Exercise instructions
Below is a listing; restate from it, character for character, the lines beginning at the line holding "have v_e23 := act_e23_v2n" and ending at the line holding "(forall x y z, d x z <= d x y + d y z).", both included.
──────────
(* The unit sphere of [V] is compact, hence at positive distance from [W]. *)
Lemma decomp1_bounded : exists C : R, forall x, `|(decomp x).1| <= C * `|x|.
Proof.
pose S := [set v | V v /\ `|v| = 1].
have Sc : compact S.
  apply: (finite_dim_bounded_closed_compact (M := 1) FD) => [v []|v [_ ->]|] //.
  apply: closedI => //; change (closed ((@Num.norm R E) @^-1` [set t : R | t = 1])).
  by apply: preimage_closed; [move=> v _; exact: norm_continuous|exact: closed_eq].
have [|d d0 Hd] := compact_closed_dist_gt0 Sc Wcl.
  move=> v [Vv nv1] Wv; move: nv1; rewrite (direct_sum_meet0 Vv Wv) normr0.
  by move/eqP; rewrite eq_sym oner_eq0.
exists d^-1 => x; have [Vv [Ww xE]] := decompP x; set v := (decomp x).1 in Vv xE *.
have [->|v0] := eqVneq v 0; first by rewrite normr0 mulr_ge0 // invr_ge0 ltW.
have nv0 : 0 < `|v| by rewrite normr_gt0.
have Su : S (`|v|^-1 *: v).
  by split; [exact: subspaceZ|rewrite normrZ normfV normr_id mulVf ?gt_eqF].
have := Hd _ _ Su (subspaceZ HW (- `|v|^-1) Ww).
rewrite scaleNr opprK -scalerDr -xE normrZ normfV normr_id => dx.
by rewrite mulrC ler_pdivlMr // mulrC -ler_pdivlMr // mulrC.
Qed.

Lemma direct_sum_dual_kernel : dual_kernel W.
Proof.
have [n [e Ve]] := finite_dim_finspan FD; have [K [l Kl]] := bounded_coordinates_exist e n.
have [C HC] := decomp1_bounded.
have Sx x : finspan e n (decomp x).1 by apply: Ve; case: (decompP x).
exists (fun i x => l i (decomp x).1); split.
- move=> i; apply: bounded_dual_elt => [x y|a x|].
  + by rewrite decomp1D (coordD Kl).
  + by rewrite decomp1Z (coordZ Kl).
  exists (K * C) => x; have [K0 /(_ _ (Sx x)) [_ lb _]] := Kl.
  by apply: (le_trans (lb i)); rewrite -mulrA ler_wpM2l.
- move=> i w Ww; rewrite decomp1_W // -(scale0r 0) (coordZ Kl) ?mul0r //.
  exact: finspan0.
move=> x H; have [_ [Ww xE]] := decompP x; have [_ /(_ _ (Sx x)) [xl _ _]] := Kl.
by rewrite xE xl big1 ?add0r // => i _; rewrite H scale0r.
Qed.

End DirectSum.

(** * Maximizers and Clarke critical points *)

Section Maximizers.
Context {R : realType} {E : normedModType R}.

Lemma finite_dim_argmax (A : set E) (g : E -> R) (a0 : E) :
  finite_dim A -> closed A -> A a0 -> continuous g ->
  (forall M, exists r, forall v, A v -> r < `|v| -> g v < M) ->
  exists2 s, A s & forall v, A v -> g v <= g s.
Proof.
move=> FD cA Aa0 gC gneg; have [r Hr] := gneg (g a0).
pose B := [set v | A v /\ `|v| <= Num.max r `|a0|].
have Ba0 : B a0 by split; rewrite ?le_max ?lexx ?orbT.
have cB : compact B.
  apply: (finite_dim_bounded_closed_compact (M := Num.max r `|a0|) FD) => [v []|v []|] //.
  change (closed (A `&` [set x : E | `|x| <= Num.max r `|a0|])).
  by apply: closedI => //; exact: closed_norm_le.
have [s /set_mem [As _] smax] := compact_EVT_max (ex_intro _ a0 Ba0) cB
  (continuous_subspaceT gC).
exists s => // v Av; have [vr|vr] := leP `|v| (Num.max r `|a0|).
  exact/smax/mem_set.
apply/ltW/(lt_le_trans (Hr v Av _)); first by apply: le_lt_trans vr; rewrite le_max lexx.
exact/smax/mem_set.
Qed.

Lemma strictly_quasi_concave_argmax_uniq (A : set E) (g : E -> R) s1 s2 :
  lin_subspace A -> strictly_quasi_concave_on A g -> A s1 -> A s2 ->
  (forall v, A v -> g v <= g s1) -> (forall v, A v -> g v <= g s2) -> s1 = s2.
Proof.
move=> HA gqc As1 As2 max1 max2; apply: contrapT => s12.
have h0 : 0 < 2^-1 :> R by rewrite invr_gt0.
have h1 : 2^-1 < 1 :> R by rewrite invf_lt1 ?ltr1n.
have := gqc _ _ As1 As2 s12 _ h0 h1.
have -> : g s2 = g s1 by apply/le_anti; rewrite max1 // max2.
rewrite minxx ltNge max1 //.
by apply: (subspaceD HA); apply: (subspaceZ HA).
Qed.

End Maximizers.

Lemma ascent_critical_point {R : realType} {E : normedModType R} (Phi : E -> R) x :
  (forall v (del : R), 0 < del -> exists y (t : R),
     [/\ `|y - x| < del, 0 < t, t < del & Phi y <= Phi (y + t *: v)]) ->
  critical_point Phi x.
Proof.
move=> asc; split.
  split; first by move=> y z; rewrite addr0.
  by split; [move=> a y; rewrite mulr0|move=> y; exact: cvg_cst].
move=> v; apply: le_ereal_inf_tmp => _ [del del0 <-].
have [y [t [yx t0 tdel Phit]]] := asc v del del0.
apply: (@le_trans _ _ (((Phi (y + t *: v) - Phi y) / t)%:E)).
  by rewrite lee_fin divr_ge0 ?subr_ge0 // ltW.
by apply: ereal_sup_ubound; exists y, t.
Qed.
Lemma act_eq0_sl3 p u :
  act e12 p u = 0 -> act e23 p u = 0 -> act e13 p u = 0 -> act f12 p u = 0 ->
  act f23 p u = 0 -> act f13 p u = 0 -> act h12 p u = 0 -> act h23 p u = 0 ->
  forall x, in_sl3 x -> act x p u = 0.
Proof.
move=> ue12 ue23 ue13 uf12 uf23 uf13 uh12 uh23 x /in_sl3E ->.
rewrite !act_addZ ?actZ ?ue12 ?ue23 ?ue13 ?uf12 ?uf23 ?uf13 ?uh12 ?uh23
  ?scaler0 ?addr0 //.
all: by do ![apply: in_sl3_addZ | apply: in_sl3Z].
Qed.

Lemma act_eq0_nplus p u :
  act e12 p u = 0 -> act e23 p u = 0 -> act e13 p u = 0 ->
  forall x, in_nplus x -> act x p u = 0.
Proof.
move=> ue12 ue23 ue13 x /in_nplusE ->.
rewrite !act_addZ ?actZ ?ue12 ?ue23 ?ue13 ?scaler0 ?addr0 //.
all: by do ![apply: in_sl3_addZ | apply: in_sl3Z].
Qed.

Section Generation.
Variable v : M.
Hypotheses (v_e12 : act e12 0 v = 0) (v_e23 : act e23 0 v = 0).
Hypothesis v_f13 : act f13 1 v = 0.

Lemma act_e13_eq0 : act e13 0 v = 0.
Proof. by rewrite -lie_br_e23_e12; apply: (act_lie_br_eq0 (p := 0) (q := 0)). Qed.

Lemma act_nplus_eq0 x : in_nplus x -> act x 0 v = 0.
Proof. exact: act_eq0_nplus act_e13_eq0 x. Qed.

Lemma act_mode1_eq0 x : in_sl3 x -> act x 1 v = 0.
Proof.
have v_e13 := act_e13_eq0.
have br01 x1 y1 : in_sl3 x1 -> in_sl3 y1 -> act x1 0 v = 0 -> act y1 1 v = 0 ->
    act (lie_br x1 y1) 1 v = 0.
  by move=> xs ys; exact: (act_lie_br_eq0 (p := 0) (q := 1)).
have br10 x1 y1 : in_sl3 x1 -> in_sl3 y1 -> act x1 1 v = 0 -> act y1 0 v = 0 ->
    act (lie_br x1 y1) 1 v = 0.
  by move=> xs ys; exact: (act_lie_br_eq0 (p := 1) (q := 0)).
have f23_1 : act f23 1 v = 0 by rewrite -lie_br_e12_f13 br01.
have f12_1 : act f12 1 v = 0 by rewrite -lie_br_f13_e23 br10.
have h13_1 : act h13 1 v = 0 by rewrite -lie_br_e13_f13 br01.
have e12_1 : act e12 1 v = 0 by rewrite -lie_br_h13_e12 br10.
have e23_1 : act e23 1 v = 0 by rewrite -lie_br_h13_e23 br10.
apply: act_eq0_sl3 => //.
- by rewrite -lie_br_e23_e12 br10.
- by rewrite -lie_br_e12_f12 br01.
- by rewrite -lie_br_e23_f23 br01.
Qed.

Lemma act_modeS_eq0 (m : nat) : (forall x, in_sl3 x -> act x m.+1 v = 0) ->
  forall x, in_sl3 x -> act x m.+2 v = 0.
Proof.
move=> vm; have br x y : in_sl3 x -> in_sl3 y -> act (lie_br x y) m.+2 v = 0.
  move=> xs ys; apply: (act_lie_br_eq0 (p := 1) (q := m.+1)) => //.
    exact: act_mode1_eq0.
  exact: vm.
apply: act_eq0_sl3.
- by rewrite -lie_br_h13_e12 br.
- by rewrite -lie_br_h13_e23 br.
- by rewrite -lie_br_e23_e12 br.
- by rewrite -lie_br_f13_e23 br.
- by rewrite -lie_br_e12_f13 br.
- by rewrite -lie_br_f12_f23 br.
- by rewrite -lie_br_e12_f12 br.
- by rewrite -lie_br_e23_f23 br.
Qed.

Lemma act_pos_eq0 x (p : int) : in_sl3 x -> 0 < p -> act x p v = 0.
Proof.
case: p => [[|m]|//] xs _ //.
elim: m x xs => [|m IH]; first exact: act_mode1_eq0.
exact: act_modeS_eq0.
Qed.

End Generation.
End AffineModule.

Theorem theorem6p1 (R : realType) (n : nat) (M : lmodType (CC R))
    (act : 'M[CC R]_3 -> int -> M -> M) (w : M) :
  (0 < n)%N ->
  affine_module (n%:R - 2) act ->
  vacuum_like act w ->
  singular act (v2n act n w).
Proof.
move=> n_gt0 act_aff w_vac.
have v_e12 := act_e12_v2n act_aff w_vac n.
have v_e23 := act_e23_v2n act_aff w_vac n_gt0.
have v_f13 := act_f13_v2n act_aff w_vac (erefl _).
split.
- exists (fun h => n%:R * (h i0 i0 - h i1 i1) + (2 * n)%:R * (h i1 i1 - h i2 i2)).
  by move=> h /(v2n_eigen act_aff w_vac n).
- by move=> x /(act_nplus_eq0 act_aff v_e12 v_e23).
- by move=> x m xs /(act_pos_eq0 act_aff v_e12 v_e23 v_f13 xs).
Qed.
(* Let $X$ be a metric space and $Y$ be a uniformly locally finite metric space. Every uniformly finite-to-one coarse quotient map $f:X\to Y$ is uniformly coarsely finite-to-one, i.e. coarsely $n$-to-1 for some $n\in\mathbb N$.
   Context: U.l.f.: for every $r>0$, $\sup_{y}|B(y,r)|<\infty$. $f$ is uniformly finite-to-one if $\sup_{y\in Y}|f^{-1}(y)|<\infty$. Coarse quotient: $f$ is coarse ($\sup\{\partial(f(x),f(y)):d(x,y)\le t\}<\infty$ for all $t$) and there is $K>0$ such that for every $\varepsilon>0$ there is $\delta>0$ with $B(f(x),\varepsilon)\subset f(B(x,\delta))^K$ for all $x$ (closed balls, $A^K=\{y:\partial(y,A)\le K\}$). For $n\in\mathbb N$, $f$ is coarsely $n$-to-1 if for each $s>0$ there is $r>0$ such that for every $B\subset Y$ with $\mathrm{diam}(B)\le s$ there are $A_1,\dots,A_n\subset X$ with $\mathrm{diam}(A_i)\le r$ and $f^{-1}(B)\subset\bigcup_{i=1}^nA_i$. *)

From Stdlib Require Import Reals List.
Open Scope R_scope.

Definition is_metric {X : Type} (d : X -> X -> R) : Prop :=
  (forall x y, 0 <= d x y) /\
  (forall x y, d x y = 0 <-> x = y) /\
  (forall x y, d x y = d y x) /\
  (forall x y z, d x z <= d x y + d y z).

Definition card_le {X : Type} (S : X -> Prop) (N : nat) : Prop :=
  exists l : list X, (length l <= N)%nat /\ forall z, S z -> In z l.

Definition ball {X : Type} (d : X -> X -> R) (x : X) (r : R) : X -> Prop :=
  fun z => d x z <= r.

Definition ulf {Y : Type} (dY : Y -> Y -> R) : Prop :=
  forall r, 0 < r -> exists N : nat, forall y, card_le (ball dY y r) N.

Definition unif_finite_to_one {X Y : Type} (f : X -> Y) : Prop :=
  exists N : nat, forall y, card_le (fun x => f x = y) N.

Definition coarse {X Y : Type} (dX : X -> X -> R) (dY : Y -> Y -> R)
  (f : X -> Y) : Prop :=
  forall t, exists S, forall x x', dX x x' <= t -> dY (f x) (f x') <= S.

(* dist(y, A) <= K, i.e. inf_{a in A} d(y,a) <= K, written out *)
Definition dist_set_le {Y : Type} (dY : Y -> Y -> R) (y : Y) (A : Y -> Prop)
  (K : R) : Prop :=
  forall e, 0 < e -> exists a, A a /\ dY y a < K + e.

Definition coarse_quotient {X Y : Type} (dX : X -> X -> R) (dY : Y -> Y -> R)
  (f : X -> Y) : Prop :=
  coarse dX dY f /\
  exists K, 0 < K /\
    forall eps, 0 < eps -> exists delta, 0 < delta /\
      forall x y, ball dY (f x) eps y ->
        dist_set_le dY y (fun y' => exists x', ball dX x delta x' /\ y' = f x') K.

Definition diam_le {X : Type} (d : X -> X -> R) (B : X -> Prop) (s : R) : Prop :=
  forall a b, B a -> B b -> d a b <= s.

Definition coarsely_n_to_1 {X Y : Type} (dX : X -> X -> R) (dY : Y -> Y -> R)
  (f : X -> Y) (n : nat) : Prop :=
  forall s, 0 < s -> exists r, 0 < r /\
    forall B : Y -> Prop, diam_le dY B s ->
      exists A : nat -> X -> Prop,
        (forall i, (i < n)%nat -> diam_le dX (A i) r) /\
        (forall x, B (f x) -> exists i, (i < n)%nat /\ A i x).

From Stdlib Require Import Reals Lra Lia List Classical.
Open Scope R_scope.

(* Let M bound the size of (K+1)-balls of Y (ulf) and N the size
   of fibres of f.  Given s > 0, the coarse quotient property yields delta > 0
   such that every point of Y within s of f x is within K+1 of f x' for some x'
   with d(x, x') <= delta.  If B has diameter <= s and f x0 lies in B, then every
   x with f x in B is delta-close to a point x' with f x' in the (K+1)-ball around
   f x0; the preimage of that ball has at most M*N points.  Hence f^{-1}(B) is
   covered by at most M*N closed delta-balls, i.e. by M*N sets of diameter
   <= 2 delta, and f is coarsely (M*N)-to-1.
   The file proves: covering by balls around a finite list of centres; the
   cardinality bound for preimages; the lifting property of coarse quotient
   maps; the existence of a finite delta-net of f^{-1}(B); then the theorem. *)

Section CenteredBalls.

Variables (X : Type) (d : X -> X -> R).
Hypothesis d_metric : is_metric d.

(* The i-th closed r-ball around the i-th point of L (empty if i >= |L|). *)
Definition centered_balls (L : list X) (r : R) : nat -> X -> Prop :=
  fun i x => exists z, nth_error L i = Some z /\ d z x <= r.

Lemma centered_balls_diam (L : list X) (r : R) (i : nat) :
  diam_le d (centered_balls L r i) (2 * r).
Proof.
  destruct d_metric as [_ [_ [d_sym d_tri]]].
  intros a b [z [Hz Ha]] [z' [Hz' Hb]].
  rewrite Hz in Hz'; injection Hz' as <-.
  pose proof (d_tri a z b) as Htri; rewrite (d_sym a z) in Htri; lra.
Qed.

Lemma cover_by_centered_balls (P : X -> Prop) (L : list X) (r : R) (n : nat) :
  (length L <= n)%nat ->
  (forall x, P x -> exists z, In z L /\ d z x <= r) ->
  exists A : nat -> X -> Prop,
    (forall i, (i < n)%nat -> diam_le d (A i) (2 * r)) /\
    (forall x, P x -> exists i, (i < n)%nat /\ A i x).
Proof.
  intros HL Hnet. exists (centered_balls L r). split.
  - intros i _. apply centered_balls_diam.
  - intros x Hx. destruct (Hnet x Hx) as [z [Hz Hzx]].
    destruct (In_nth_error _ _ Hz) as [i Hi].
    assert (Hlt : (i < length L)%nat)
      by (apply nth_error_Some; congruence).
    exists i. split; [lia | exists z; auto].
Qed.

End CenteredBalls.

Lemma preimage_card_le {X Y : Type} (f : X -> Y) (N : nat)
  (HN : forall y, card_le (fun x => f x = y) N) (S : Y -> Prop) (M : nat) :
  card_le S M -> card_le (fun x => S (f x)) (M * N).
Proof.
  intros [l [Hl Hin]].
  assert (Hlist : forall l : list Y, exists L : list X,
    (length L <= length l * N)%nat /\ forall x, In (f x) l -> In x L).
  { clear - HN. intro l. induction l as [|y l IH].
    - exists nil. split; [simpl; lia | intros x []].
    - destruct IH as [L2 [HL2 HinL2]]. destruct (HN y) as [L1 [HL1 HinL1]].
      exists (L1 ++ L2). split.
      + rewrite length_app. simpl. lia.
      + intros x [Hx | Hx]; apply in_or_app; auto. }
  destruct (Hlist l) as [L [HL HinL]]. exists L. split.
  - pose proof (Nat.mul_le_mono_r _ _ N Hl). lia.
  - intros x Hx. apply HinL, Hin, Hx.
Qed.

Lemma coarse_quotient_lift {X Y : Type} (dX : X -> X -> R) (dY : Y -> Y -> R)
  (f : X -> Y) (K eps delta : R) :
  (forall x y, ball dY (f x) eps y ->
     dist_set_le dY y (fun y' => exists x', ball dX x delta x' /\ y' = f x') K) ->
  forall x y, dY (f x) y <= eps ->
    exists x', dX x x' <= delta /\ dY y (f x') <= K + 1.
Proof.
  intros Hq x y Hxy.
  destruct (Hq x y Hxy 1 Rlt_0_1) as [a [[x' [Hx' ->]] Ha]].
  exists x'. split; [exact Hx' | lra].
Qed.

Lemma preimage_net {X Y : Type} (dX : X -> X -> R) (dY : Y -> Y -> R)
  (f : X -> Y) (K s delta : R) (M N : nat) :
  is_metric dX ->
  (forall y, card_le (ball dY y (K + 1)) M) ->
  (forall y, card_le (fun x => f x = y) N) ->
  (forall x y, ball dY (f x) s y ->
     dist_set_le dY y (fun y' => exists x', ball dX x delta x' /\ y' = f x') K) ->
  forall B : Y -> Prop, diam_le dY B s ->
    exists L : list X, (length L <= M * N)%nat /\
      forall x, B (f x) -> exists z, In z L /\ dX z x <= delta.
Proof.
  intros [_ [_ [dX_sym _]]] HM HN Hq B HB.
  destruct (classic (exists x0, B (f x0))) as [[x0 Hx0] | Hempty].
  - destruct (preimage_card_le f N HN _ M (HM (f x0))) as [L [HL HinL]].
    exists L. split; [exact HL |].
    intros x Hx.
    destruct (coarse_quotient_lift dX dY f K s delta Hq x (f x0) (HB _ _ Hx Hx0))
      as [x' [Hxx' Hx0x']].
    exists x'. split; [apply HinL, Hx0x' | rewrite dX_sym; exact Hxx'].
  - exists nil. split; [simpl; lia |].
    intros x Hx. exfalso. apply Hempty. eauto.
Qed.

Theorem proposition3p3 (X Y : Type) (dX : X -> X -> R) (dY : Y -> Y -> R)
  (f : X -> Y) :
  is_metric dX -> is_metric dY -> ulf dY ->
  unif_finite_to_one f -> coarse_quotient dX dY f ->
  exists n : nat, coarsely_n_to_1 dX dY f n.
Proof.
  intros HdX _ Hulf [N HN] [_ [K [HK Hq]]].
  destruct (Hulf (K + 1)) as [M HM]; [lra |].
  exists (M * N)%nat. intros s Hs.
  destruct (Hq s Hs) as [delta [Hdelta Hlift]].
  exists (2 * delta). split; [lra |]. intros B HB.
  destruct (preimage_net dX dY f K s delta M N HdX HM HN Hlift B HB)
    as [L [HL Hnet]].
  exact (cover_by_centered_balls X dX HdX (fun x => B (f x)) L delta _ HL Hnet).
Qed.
──────────
The completed task
have v_e23 := act_e23_v2n act_aff w_vac n_gt0.
have v_f13 := act_f13_v2n act_aff w_vac (erefl _).
split.
- exists (fun h => n%:R * (h i0 i0 - h i1 i1) + (2 * n)%:R * (h i1 i1 - h i2 i2)).
  by move=> h /(v2n_eigen act_aff w_vac n).
- by move=> x /(act_nplus_eq0 act_aff v_e12 v_e23).
- by move=> x m xs /(act_pos_eq0 act_aff v_e12 v_e23 v_f13 xs).
Qed.
(* Let $X$ be a metric space and $Y$ be a uniformly locally finite metric space. Every uniformly finite-to-one coarse quotient map $f:X\to Y$ is uniformly coarsely finite-to-one, i.e. coarsely $n$-to-1 for some $n\in\mathbb N$.
   Context: U.l.f.: for every $r>0$, $\sup_{y}|B(y,r)|<\infty$. $f$ is uniformly finite-to-one if $\sup_{y\in Y}|f^{-1}(y)|<\infty$. Coarse quotient: $f$ is coarse ($\sup\{\partial(f(x),f(y)):d(x,y)\le t\}<\infty$ for all $t$) and there is $K>0$ such that for every $\varepsilon>0$ there is $\delta>0$ with $B(f(x),\varepsilon)\subset f(B(x,\delta))^K$ for all $x$ (closed balls, $A^K=\{y:\partial(y,A)\le K\}$). For $n\in\mathbb N$, $f$ is coarsely $n$-to-1 if for each $s>0$ there is $r>0$ such that for every $B\subset Y$ with $\mathrm{diam}(B)\le s$ there are $A_1,\dots,A_n\subset X$ with $\mathrm{diam}(A_i)\le r$ and $f^{-1}(B)\subset\bigcup_{i=1}^nA_i$. *)

From Stdlib Require Import Reals List.
Open Scope R_scope.

Definition is_metric {X : Type} (d : X -> X -> R) : Prop :=
  (forall x y, 0 <= d x y) /\
  (forall x y, d x y = 0 <-> x = y) /\
  (forall x y, d x y = d y x) /\
  (forall x y z, d x z <= d x y + d y z).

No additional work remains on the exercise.